● YOUR GOAL
Here are the records. Write out exactly the lines between the one holding "Definition midpoint (R" and the one holding "K) *m (diag_mx a *m K) *m", inclusive.

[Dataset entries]
※
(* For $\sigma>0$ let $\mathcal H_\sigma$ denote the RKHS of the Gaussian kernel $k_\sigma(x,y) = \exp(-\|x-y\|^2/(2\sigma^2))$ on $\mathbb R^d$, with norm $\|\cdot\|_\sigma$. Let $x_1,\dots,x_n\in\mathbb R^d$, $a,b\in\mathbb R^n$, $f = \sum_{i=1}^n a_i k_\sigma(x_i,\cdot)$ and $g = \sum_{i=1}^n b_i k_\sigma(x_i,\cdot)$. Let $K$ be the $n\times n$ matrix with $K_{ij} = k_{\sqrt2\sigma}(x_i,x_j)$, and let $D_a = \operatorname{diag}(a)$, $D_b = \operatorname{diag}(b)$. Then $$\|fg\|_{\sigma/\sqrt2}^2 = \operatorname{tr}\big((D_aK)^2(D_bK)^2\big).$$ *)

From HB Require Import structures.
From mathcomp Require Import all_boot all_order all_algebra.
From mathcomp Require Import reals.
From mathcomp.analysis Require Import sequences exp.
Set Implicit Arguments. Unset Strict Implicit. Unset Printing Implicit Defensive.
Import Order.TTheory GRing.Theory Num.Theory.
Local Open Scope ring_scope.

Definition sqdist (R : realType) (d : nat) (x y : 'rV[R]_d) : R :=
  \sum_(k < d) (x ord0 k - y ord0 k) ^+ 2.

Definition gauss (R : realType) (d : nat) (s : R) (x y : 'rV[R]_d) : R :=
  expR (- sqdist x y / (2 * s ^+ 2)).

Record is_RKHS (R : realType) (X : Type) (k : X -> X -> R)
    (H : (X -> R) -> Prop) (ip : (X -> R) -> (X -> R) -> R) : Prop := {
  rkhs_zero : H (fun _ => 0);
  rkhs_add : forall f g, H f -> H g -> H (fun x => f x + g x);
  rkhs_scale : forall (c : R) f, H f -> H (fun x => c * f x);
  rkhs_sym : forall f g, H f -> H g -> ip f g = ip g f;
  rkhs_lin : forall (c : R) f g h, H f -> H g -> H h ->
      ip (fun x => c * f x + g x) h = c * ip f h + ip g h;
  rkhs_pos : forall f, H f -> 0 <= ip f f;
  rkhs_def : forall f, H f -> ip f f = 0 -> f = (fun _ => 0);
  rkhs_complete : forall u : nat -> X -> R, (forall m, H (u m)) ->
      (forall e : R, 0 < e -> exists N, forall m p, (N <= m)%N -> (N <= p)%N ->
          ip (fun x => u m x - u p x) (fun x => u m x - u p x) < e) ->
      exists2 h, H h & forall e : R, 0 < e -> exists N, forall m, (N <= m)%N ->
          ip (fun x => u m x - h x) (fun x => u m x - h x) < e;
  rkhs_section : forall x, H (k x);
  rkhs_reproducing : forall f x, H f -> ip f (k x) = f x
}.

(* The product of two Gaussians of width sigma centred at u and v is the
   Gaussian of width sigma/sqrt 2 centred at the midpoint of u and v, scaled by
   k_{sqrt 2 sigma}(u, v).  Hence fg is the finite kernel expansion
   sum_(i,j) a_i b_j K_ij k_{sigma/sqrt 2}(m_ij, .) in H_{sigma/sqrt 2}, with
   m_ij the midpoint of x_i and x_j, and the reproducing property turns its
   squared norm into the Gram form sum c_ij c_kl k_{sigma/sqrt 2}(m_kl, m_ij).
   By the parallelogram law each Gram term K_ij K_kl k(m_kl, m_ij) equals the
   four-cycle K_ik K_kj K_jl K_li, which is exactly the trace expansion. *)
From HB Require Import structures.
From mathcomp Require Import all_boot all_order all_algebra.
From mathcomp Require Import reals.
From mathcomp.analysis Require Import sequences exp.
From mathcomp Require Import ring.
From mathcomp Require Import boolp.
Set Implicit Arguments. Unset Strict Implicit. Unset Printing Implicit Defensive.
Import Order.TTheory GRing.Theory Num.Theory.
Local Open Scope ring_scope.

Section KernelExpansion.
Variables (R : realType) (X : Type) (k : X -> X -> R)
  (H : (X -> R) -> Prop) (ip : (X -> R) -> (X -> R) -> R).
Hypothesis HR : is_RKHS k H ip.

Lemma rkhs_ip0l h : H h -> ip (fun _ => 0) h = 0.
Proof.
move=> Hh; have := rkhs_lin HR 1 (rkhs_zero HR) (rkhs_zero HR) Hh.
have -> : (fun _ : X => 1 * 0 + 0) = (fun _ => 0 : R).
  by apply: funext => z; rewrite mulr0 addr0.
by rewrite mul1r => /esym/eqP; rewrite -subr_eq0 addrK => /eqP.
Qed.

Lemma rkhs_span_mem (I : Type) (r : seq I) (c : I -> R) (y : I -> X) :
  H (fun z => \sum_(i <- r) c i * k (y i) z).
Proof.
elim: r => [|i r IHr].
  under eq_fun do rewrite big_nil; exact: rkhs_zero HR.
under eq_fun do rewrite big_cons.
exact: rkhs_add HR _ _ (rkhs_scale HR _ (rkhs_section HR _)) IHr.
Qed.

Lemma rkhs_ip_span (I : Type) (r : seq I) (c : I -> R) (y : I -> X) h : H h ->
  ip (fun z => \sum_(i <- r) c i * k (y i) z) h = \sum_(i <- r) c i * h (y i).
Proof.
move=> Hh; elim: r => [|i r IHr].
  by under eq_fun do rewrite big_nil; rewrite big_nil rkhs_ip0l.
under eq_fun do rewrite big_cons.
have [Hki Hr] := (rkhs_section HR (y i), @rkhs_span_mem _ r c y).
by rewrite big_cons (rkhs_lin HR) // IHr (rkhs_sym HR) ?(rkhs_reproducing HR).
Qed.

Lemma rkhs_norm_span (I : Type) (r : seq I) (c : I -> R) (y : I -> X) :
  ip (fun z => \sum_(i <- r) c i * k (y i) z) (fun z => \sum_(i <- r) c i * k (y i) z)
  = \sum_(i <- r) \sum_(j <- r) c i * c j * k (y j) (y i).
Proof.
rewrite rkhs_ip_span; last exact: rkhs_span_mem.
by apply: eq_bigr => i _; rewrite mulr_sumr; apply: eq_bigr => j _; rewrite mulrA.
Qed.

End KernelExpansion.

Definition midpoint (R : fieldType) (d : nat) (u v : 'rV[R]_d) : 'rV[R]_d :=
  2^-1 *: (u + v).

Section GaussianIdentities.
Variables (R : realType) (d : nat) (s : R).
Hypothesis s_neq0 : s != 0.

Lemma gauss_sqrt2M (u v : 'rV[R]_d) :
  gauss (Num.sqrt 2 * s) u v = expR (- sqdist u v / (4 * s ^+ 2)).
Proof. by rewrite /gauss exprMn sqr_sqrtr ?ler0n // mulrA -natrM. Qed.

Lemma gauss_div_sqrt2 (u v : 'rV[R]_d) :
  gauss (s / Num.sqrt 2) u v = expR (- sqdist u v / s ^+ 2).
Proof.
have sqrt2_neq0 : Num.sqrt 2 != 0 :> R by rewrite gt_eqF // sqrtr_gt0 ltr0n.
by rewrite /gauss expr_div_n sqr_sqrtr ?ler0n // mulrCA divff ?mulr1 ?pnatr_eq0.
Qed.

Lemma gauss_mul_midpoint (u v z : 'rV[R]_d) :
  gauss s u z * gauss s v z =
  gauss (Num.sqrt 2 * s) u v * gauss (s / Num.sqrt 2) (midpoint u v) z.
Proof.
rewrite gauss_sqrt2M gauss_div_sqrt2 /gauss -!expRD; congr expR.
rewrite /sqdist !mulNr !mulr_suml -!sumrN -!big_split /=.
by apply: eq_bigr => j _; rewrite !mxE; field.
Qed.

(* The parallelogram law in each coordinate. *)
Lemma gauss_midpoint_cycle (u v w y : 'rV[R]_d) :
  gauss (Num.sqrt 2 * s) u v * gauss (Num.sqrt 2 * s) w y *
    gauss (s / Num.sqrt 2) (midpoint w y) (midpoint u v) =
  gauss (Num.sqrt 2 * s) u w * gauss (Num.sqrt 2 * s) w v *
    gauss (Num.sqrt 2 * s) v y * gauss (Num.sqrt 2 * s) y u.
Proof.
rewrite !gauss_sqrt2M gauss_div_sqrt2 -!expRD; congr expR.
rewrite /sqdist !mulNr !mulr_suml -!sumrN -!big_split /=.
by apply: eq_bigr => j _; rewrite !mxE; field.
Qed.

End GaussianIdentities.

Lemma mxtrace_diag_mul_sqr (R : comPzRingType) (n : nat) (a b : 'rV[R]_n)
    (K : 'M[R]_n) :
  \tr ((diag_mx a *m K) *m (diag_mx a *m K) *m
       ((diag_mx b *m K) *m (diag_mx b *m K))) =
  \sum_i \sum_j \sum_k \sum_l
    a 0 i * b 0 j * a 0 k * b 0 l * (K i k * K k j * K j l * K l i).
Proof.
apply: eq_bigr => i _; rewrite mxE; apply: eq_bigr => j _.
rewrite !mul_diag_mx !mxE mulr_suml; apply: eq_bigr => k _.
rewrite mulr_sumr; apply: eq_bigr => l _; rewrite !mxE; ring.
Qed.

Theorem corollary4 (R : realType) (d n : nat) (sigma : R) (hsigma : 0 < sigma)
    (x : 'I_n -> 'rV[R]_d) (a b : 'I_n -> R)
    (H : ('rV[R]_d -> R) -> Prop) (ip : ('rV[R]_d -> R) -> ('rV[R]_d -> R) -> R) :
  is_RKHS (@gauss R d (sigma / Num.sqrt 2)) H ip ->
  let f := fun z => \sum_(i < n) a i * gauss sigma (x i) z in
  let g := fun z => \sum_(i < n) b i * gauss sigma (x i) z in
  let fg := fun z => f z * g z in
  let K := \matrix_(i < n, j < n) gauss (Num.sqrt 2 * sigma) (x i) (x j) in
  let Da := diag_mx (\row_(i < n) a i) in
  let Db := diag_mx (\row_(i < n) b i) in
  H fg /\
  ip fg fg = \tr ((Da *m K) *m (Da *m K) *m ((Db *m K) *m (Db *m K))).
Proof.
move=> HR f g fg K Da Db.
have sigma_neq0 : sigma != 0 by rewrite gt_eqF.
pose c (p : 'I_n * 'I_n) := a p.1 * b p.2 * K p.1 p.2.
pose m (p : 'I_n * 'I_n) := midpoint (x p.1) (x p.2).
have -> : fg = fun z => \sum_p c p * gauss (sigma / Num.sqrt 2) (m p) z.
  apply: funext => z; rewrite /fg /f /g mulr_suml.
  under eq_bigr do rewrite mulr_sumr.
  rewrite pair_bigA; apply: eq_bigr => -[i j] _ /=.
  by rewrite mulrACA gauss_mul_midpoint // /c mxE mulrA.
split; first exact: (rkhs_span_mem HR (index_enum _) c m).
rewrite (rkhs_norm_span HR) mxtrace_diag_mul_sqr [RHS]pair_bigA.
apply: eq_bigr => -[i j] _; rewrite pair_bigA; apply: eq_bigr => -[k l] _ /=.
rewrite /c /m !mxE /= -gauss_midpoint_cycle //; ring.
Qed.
※
● COMPLETED TASK
Definition midpoint (R : fieldType) (d : nat) (u v : 'rV[R]_d) : 'rV[R]_d :=
  2^-1 *: (u + v).

Section GaussianIdentities.
Variables (R : realType) (d : nat) (s : R).
Hypothesis s_neq0 : s != 0.

Lemma gauss_sqrt2M (u v : 'rV[R]_d) :
  gauss (Num.sqrt 2 * s) u v = expR (- sqdist u v / (4 * s ^+ 2)).
Proof. by rewrite /gauss exprMn sqr_sqrtr ?ler0n // mulrA -natrM. Qed.

Lemma gauss_div_sqrt2 (u v : 'rV[R]_d) :
  gauss (s / Num.sqrt 2) u v = expR (- sqdist u v / s ^+ 2).
Proof.
have sqrt2_neq0 : Num.sqrt 2 != 0 :> R by rewrite gt_eqF // sqrtr_gt0 ltr0n.
by rewrite /gauss expr_div_n sqr_sqrtr ?ler0n // mulrCA divff ?mulr1 ?pnatr_eq0.
Qed.

Lemma gauss_mul_midpoint (u v z : 'rV[R]_d) :
  gauss s u z * gauss s v z =
  gauss (Num.sqrt 2 * s) u v * gauss (s / Num.sqrt 2) (midpoint u v) z.
Proof.
rewrite gauss_sqrt2M gauss_div_sqrt2 /gauss -!expRD; congr expR.
rewrite /sqdist !mulNr !mulr_suml -!sumrN -!big_split /=.
by apply: eq_bigr => j _; rewrite !mxE; field.
Qed.

(* The parallelogram law in each coordinate. *)
Lemma gauss_midpoint_cycle (u v w y : 'rV[R]_d) :
  gauss (Num.sqrt 2 * s) u v * gauss (Num.sqrt 2 * s) w y *
    gauss (s / Num.sqrt 2) (midpoint w y) (midpoint u v) =
  gauss (Num.sqrt 2 * s) u w * gauss (Num.sqrt 2 * s) w v *
    gauss (Num.sqrt 2 * s) v y * gauss (Num.sqrt 2 * s) y u.
Proof.
rewrite !gauss_sqrt2M gauss_div_sqrt2 -!expRD; congr expR.
rewrite /sqdist !mulNr !mulr_suml -!sumrN -!big_split /=.
by apply: eq_bigr => j _; rewrite !mxE; field.
Qed.

End GaussianIdentities.

Lemma mxtrace_diag_mul_sqr (R : comPzRingType) (n : nat) (a b : 'rV[R]_n)
    (K : 'M[R]_n) :
  \tr ((diag_mx a *m K) *m (diag_mx a *m K) *m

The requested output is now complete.